Something i've read occasionally is that the motor drive can only hit its top speed with the NP-90M, which didn't make alot of sense to me. The manual has the line "for maximum film advance speed of 5fps, fully charged NP-90M must be used" which could be read as saying the BP-90M can't hit 5fps, but it could also just mean you've gotta use a freshly charged NP-90M to hit the advertised top speed. But maybe mid 80s alkalines couldn't provide as much current as contemporary NiCd?
Either way it's hard to compare them now since 12 fresh alkalines is about the same voltage as 13 charged NiMH cells, then there's different voltage fall-offs and stuff. But i'd say there's no significant difference in performance speed-wise between the two battery packs. I also suspect the motor drive is regulating the framerate electronically anyways.

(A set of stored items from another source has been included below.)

(* Let $G$ be a multiplicative monoid with identity, let $N$ be a $G$-graded near-ring, let $A$ be a totally ordered set and let $(P_a)_{a\in A}$ be a family of graded weakly prime ideals of $N$ such that $P_a\subseteq P_b$ whenever $a\le b$. Then $P=\bigcap_{a\in A}P_a$ is a graded weakly prime ideal of $N$.
   Context: A near-ring $(N,+,\cdot)$ is a set with two binary operations such that $(N,+)$ is a group (not necessarily abelian), $(N,\cdot)$ is a semigroup, and $(a+b)y = ay+by$ for all $a,b,y\in N$. For a multiplicative monoid $G$ with identity, $N$ is a $G$-graded near-ring if there is a family $\{N_\sigma\}_{\sigma\in G}$ of additive normal subgroups of $N$ with $N=\bigoplus_{\sigma\in G}N_\sigma$ and $N_\sigma N_\tau\subseteq N_{\sigma\tau}$. An ideal $P$ is graded if $P=\bigoplus_{\sigma}(P\cap N_\sigma)$. For ideals $I,J$, $IJ$ denotes their product. A graded ideal $P$ is graded weakly prime if for all graded ideals $I,J$ with $\{0\}\neq IJ\subseteq P$, either $I\subseteq P$ or $J\subseteq P$. *)

From mathcomp Require Import all_boot all_order.
From Stdlib Require List.

Set Implicit Arguments.
Unset Strict Implicit.
Unset Printing Implicit Defensive.

Record monoid := Monoid {
  mcarrier :> Type;
  mop : mcarrier -> mcarrier -> mcarrier;
  mone : mcarrier;
  mopA : forall x y z, mop x (mop y z) = mop (mop x y) z;
  mop1x : forall x, mop mone x = x;
  mopx1 : forall x, mop x mone = x
}.

Record nearRing := NearRing {
  ncarrier :> Type;
  nadd : ncarrier -> ncarrier -> ncarrier;
  nopp : ncarrier -> ncarrier;
  nzero : ncarrier;
  nmul : ncarrier -> ncarrier -> ncarrier;
  naddA : forall x y z, nadd x (nadd y z) = nadd (nadd x y) z;
  nadd0x : forall x, nadd nzero x = x;
  naddx0 : forall x, nadd x nzero = x;
  naddNx : forall x, nadd (nopp x) x = nzero;
  naddxN : forall x, nadd x (nopp x) = nzero;
  nmulA : forall x y z, nmul x (nmul y z) = nmul (nmul x y) z;
  nmulDl : forall a b y, nmul (nadd a b) y = nadd (nmul a y) (nmul b y)
}.

Section NearRingDefs.
Variable N : nearRing.

Local Notation "x + y" := (nadd x y).
Local Notation "- x" := (nopp x).
Local Notation "x * y" := (nmul x y).
Local Notation "0" := (nzero N).

Definition subsetN (I J : N -> Prop) : Prop := forall x, I x -> J x.

Definition normal_subgroup (S : N -> Prop) : Prop :=
  [/\ S 0,
      (forall x y, S x -> S y -> S (x + y)),
      (forall x, S x -> S (- x)) &
      (forall n x, S x -> S ((n + x) + - n))].

(* ideal of a near-ring (Pilz): normal subgroup with I N ⊆ I and
   n(n'+i) - n n' ∈ I *)
Definition ideal (I : N -> Prop) : Prop :=
  [/\ normal_subgroup I,
      (forall i n, I i -> I (i * n)) &
      (forall n n' i, I i -> I ((n * (n' + i)) + - (n * n')))].

Definition prodI (I J : N -> Prop) : N -> Prop :=
  fun x => exists i j, [/\ I i, J j & x = i * j].

Definition lsum {G : Type} (s : seq (G * N)) : N :=
  foldr (fun p acc => p.2 + acc) 0 s.

End NearRingDefs.

(* ---------- G-graded near-rings: N = ⊕_{σ∈G} N_σ (internal direct sum
   of additive normal subgroups) with N_σ N_τ ⊆ N_{στ} ---------- *)
Definition graded_near_ring (G : monoid) (N : nearRing) (Ng : G -> N -> Prop)
  : Prop :=
  [/\ (forall g, normal_subgroup (Ng g)),
      (forall x : N, exists s : seq (G * N),
          [/\ List.NoDup (map fst s),
              (forall p, List.In p s -> Ng p.1 p.2) &
              x = lsum s]),
      (* independence (directness) of the sum *)
      (forall s : seq (G * N),
          List.NoDup (map fst s) ->
          (forall p, List.In p s -> Ng p.1 p.2) ->
          lsum s = nzero N ->
          forall p, List.In p s -> p.2 = nzero N) &
      (forall (g h : G) (x y : N), Ng g x -> Ng h y ->
          Ng (mop g h) (nmul x y))].

(* graded ideal: P = ⊕_σ (P ∩ N_σ) *)
Definition graded_ideal (G : monoid) (N : nearRing) (Ng : G -> N -> Prop)
  (P : N -> Prop) : Prop :=
  ideal P /\
  forall x : N, P x -> exists s : seq (G * N),
      [/\ List.NoDup (map fst s),
          (forall p, List.In p s -> Ng p.1 p.2 /\ P p.2) &
          x = lsum s].

Definition graded_weakly_prime (G : monoid) (N : nearRing) (Ng : G -> N -> Prop)
  (P : N -> Prop) : Prop :=
  graded_ideal Ng P /\
  forall I J : N -> Prop,
    graded_ideal Ng I -> graded_ideal Ng J ->
    ~ (forall x, prodI I J x <-> x = nzero N) ->
    subsetN (prodI I J) P ->
    subsetN I P \/ subsetN J P.

(* Weak primality passes to the intersection P of the chain: if the nonzero
   product IJ lies in P but I and J do not, take x in I outside P_a and y in J
   outside P_b with, say, a <= b; as I is not contained in P_a, weak primality
   of P_a gives J in P_a, which is contained in P_b, contradicting y.
   Gradedness of P rests on uniqueness of homogeneous components: homogeneous
   elements of distinct degrees commute (their commutator lies in
   N_g ∩ N_h = 0), so summing a homogeneous family over a set of degrees is
   additive, and by directness of the sum also injective.  Hence the
   components of an element of P_a are those of its decomposition inside
   P_a. *)
From mathcomp Require Import all_boot all_order.
From Stdlib Require Import Classical ClassicalEpsilon.
From Stdlib Require List.

Set Implicit Arguments.
Unset Strict Implicit.
Unset Printing Implicit Defensive.

Section NearRingGroup.
Variable N : nearRing.

Local Notation "x + y" := (nadd x y).
Local Notation "- x" := (nopp x).
Local Notation "0" := (nzero N).

Lemma naddrK (a b : N) : (a + b) + - b = a.
Proof. by rewrite -naddA naddxN naddx0. Qed.

Lemma naddrNK (a b : N) : (a + - b) + b = a.
Proof. by rewrite -naddA naddNx naddx0. Qed.

Lemma nsubr0_eq (a b : N) : a + - b = 0 -> a = b.
Proof. by move=> ab0; rewrite -(naddrNK a b) ab0 nadd0x. Qed.

Lemma ideal_bigcap (T : Type) (P : T -> N -> Prop) :
  (forall t, ideal (P t)) -> ideal (fun x => forall t, P t x).
Proof.
move=> idP; split; first split.
- by move=> t; case: (idP t) => [[]].
- by move=> x y Px Py t; case: (idP t) => [[_ + _ _] _ _]; apply.
- by move=> x Px t; case: (idP t) => [[_ _ + _] _ _]; apply.
- by move=> n x Px t; case: (idP t) => [[_ _ _ +] _ _]; apply.
- by move=> i n Pi t; case: (idP t) => [_ + _]; apply.
- by move=> n n' i Pi t; case: (idP t) => [_ _ +]; apply.
Qed.

End NearRingGroup.

Section HomogeneousComponents.
Variables (G : monoid) (N : nearRing) (Ng : G -> N -> Prop).
Hypothesis gradedN : graded_near_ring Ng.

Local Notation "x + y" := (nadd x y).
Local Notation "- x" := (nopp x).
Local Notation "0" := (nzero N).

Lemma homog0 g : Ng g 0.
Proof. by case: gradedN => + _ _ _ => /(_ g) []. Qed.

Lemma homogD g x y : Ng g x -> Ng g y -> Ng g (x + y).
Proof. by case: gradedN => + _ _ _ => /(_ g) [] _ + _ _; apply. Qed.

Lemma homogN g x : Ng g x -> Ng g (- x).
Proof. by case: gradedN => + _ _ _ => /(_ g) [] _ _ + _; apply. Qed.

Lemma homog_conj g n x : Ng g x -> Ng g ((n + x) + - n).
Proof. by case: gradedN => + _ _ _ => /(_ g) [] _ _ _; apply. Qed.

Lemma homog_inter_eq0 g h c : g <> h -> Ng g c -> Ng h c -> c = 0.
Proof.
move=> gh Ngc Nhc; case: gradedN => _ _ direct _.
apply: (direct [:: (g, c); (h, - c)] _ _ _ (g, c)); last by left.
- by constructor; [case=> // /esym|constructor; [|constructor]].
- by move=> p [<-|[<-|[]]] //=; apply: homogN.
- by rewrite /lsum /= naddx0 naddxN.
Qed.

Lemma homog_addC g h x y : g <> h -> Ng g x -> Ng h y -> x + y = y + x.
Proof.
move=> gh Ngx Nhy.
have Nh_comm : Ng h (((x + y) + - x) + - y).
  by apply: homogD; [apply: homog_conj|apply: homogN].
have Ng_comm : Ng g (((x + y) + - x) + - y).
  by rewrite -!naddA; apply: homogD; rewrite // naddA; apply/homog_conj/homogN.
have /nsubr0_eq conj_y := homog_inter_eq0 gh Ng_comm Nh_comm.
by rewrite -{2}conj_y naddrNK.
Qed.

Definition homogeneous (f : G -> N) := forall g, Ng g (f g).

Definition graph (D : seq G) (f : G -> N) : seq (G * N) := [seq (g, f g) | g <- D].

Lemma map_fst_graph D f : map fst (graph D f) = D.
Proof. by elim: D => //= g D ->. Qed.

Lemma eq_graph D f f' : f =1 f' -> graph D f = graph D f'.
Proof. by move=> eq_f; apply: eq_map => g; rewrite eq_f. Qed.

Definition single (h : G) (y : N) (g : G) : N :=
  if excluded_middle_informative (g = h) then y else 0.

Definition component (s : seq (G * N)) : G -> N :=
  foldr (fun p f g => single p.1 p.2 g + f g) (fun => 0) s.

Lemma single_id h y : single h y h = y.
Proof. by rewrite /single; case: excluded_middle_informative => //= /(_ erefl). Qed.

Lemma single_neq h y g : g <> h -> single h y g = 0.
Proof. by move=> gh; rewrite /single; case: excluded_middle_informative. Qed.

Lemma homogeneous_single h y : Ng h y -> homogeneous (single h y).
Proof.
move=> Nhy g; case: (classic (g = h)) => [->|gh]; first by rewrite single_id.
by rewrite single_neq //; apply: homog0.
Qed.

Lemma homogeneous_component s :
  (forall p, List.In p s -> Ng p.1 p.2) -> homogeneous (component s).
Proof.
elim: s => [_ g|p s IHs Ns g] /=; first exact: homog0.
apply: homogD; first by apply/homogeneous_single/Ns; left.
by apply: IHs => q sq; apply: Ns; right.
Qed.

Lemma component_notin s h : ~ List.In h (map fst s) -> component s h = 0.
Proof.
elim: s => [|p s IHs] //= /Decidable.not_or[ph hs].
by rewrite IHs // single_neq ?naddx0 // => hp; case: ph.
Qed.

Lemma component_in s p :
  List.NoDup (map fst s) -> List.In p s -> component s p.1 = p.2.
Proof.
elim: s => [|q s IHs] //= /List.NoDup_cons_iff[qs uniq_s] [<-|ps].
  by rewrite component_notin // single_id naddx0.
rewrite IHs // single_neq ?nadd0x // => pq.
by case: qs; rewrite -pq; apply: List.in_map.
Qed.

Lemma component_closed (P : N -> Prop) s g :
  P 0 -> (forall x y, P x -> P y -> P (x + y)) ->
  (forall p, List.In p s -> P p.2) -> P (component s g).
Proof.
move=> P0 PD; elim: s => [|p s IHs] //= Ps.
apply: PD; last by apply: IHs => q sq; apply: Ps; right.
case: (classic (g = p.1)) => [->|gp]; last by rewrite single_neq.
by rewrite single_id; apply: Ps; left.
Qed.

Lemma lsum_graph0 D f : (forall g, List.In g D -> f g = 0) -> lsum (graph D f) = 0.
Proof.
elim: D => [|g D IHD] //= f0.
by rewrite /lsum /= -/(lsum _) f0 ?IHD ?naddx0 // => [h Dh|]; [apply: f0; right|left].
Qed.

Lemma lsum_graph_single D h y :
  List.NoDup D -> List.In h D -> lsum (graph D (single h y)) = y.
Proof.
elim: D => [|g D IHD] //= /List.NoDup_cons_iff[gD uniqD] hD.
rewrite /lsum /= -/(lsum _); case: (classic (g = h)) => [gh|hg].
  rewrite -gh single_id lsum_graph0 ?naddx0 // => k Dk.
  by apply: single_neq => kg; case: gD; rewrite -kg.
by rewrite single_neq // nadd0x IHD //; case: hD.
Qed.

Lemma lsum_graph_commute D f g y : ~ List.In g D -> homogeneous f -> Ng g y ->
  lsum (graph D f) + y = y + lsum (graph D f).
Proof.
move=> + homf Ngy; elim: D => [|h D IHD] /=; first by rewrite /lsum /= nadd0x naddx0.
move=> /Decidable.not_or[hg gD]; rewrite /lsum /= -/(lsum _).
by rewrite -naddA IHD // !naddA (homog_addC _ (homf h) Ngy) // => hg'; case: hg.
Qed.

Lemma lsum_graphD D f f' : List.NoDup D -> homogeneous f -> homogeneous f' ->
  lsum (graph D (fun g => f g + f' g)) = lsum (graph D f) + lsum (graph D f').
Proof.
move=> + homf homf'; elim: D => [|g D IHD] /=; first by rewrite /lsum /= naddx0.
move=> /List.NoDup_cons_iff[gD uniqD]; rewrite /lsum /= -!/(lsum _) IHD //.
by rewrite -!naddA (naddA (f' g)) -(lsum_graph_commute gD homf (homf' g)) !naddA.
Qed.

Lemma lsum_graph_eq0 D f : List.NoDup D -> homogeneous f ->
  lsum (graph D f) = 0 -> forall g, List.In g D -> f g = 0.
Proof.
move=> uniqD homf sum0 g Dg; case: gradedN => _ _ direct _.
apply: (direct (graph D f) _ _ sum0 (g, f g)); last exact: List.in_map.
- by rewrite map_fst_graph.
- by move=> _ /List.in_map_iff[h [<- _]]; apply: homf.
Qed.

Lemma lsum_graph_inj D f f' : List.NoDup D -> homogeneous f -> homogeneous f' ->
  lsum (graph D f) = lsum (graph D f') -> forall g, List.In g D -> f g = f' g.
Proof.
move=> uniqD homf homf' eq_sum g Dg.
have homd : homogeneous (fun g => f g + - f' g) by move=> h; apply/homogD/homogN.
apply/nsubr0_eq/(lsum_graph_eq0 uniqD homd) => //.
have := lsum_graphD uniqD homd homf'.
rewrite (@eq_graph _ _ f) ?eq_sum => [sum_eq|h]; last exact: naddrNK.
by rewrite -(naddrK (lsum (graph D _)) (lsum (graph D f'))) -sum_eq naddxN.
Qed.

Lemma lsum_graph_component D s : List.NoDup D ->
  (forall p, List.In p s -> Ng p.1 p.2 /\ List.In p.1 D) ->
  lsum (graph D (component s)) = lsum s.
Proof.
move=> uniqD; elim: s => [|p s IHs] Ns /=; first exact: lsum_graph0.
have [Np Dp] := Ns p (or_introl erefl).
have Ns' q : List.In q s -> Ng q.1 q.2 by move=> sq; case: (Ns q (or_intror sq)).
rewrite lsum_graphD ?lsum_graph_single ?IHs //; first by move=> q sq; apply: Ns; right.
- exact: homogeneous_single.
- exact: homogeneous_component Ns'.
Qed.

Lemma homogeneous_decomposition_in_graded_ideal (P : N -> Prop) s :
  graded_ideal Ng P -> List.NoDup (map fst s) ->
  (forall p, List.In p s -> Ng p.1 p.2) -> P (lsum s) ->
  forall p, List.In p s -> P p.2.
Proof.
move=> [[[P0 PD _ _] _ _] decP] uniq_s Ns /decP[t [_ Pt sum_eq]] p sp.
pose D := List.nodup (fun g h : G => excluded_middle_informative (g = h))
                     (map fst s ++ map fst t).
have uniqD : List.NoDup D by apply: List.NoDup_nodup.
have inD q : List.In q s \/ List.In q t -> List.In q.1 D.
  by move=> sqt; apply/List.nodup_In/List.in_or_app; case: sqt => /(List.in_map fst); auto.
have Ds q : List.In q s -> Ng q.1 q.2 /\ List.In q.1 D by split; auto.
have Dt q : List.In q t -> Ng q.1 q.2 /\ List.In q.1 D.
  by move=> tq; have [] := Pt q tq; auto.
have comp_eq : component s p.1 = component t p.1.
  apply: (lsum_graph_inj uniqD) (inD p (or_introl sp)).
  - by apply: homogeneous_component => q /Ds[].
  - by apply: homogeneous_component => q /Dt[].
  by rewrite !lsum_graph_component // sum_eq.
rewrite -(component_in uniq_s sp) comp_eq.
by apply: component_closed => // q /Pt[].
Qed.

Lemma graded_ideal_bigcap (T : Type) (P : T -> N -> Prop) :
  (forall t, graded_ideal Ng (P t)) -> graded_ideal Ng (fun x => forall t, P t x).
Proof.
move=> grP; split; first by apply: ideal_bigcap => t; case: (grP t).
move=> x Px; case: gradedN => _ /(_ x)[s [uniq_s Ns x_eq]] _ _.
exists s; split=> // p sp; split=> [|t]; first exact: Ns.
have := Px t; rewrite x_eq => Pt_sum.
exact: (homogeneous_decomposition_in_graded_ideal (grP t) uniq_s Ns Pt_sum).
Qed.

End HomogeneousComponents.

Lemma chain_bigcap_subset_or (T : Type) (d : Order.disp_t) (A : orderType d)
    (P : A -> T -> Prop) (I J : T -> Prop) :
  (forall a b, (a <= b)%O -> forall x, P a x -> P b x) ->
  (forall a, (forall x, I x -> P a x) \/ (forall x, J x -> P a x)) ->
  (forall x, I x -> forall a, P a x) \/ (forall x, J x -> forall a, P a x).
Proof.
move=> Pmono IJP.
case: (classic (forall x, I x -> forall a, P a x)) => [|notI]; [by left|right].
have [a [x0 [Ix0 notPx0]]] : exists a x, I x /\ ~ P a x.
  apply: NNPP => noWitness; apply: notI => x Ix a.
  by apply: NNPP => notPx; apply: noWitness; exists a, x.
move=> y Jy b; case/orP: (Order.TotalTheory.le_total a b) => [ab|ba].
  by case: (IJP a) => [/(_ x0 Ix0)//|/(_ y Jy)]; apply: Pmono.
by case: (IJP b) => [/(_ x0 Ix0)/(Pmono _ _ ba)//|]; apply.
Qed.

Theorem proposition3 (G : monoid) (N : nearRing) (Ng : G -> N -> Prop)
  (d : Order.disp_t) (A : orderType d) (P : A -> N -> Prop) :
  graded_near_ring Ng ->
  (forall a, graded_weakly_prime Ng (P a)) ->
  (forall a b : A, (a <= b)%O -> subsetN (P a) (P b)) ->
  graded_weakly_prime Ng (fun x => forall a : A, P a x).
Proof.
move=> gradedN primeP Pmono; split.
  by apply: graded_ideal_bigcap => // a; case: (primeP a).
move=> I J grI grJ IJ_neq0 IJ_sub.
apply: (chain_bigcap_subset_or Pmono) => a.
by case: (primeP a) => _ /(_ I J grI grJ IJ_neq0); apply=> x /IJ_sub.
Qed.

Congratulations mate! I just opened the parcel with MD - 90 and NP-90M yesterday and found that the motor does not work, I decided to disassemble NP-90M, realizing that the old batteries could have leaked. And so it turned out, everything is covered with traces of old batteries. But I hope there is a chance to restore all this. I have a native charger, maybe it will help me. Please tell me what kind of batteries you ordered, I really want to do the same. And also, I don't have a battery spot welder, will this be a problem for me? Maybe I can use an ordinary microcircuit iron?
Thanks!
The cells I got are Sanik branded 400mAh 2/3AAA NiMH ones. They're slightly narrower than the original N sized cells, but higher capacity due to improved battery technology after 40 years - even if they're only half of the claimed capacity. There might be other sized cells that'll fit in the space available, but 2/3AAA is a reasonably common one for use in those solar lanterns you spike into soil.
Soldering directly to the battery ends can heat damage them, but you may be able to find them for sale with solder tabs already welded on. Here's an aliexpress listing for exactly that. The 800mAh claim is silly, but the one review says they measured out to 150mAh. If I remember right 150mAh is still slightly higher then the capacity of the original cells. But yeah you might be able to find a better or more convenient deal on a website local to you.
Also NiMH batteries as far as i'm aware aren't fully compatible with chargers made for NiCd batteries, something about how they detect the end of charging.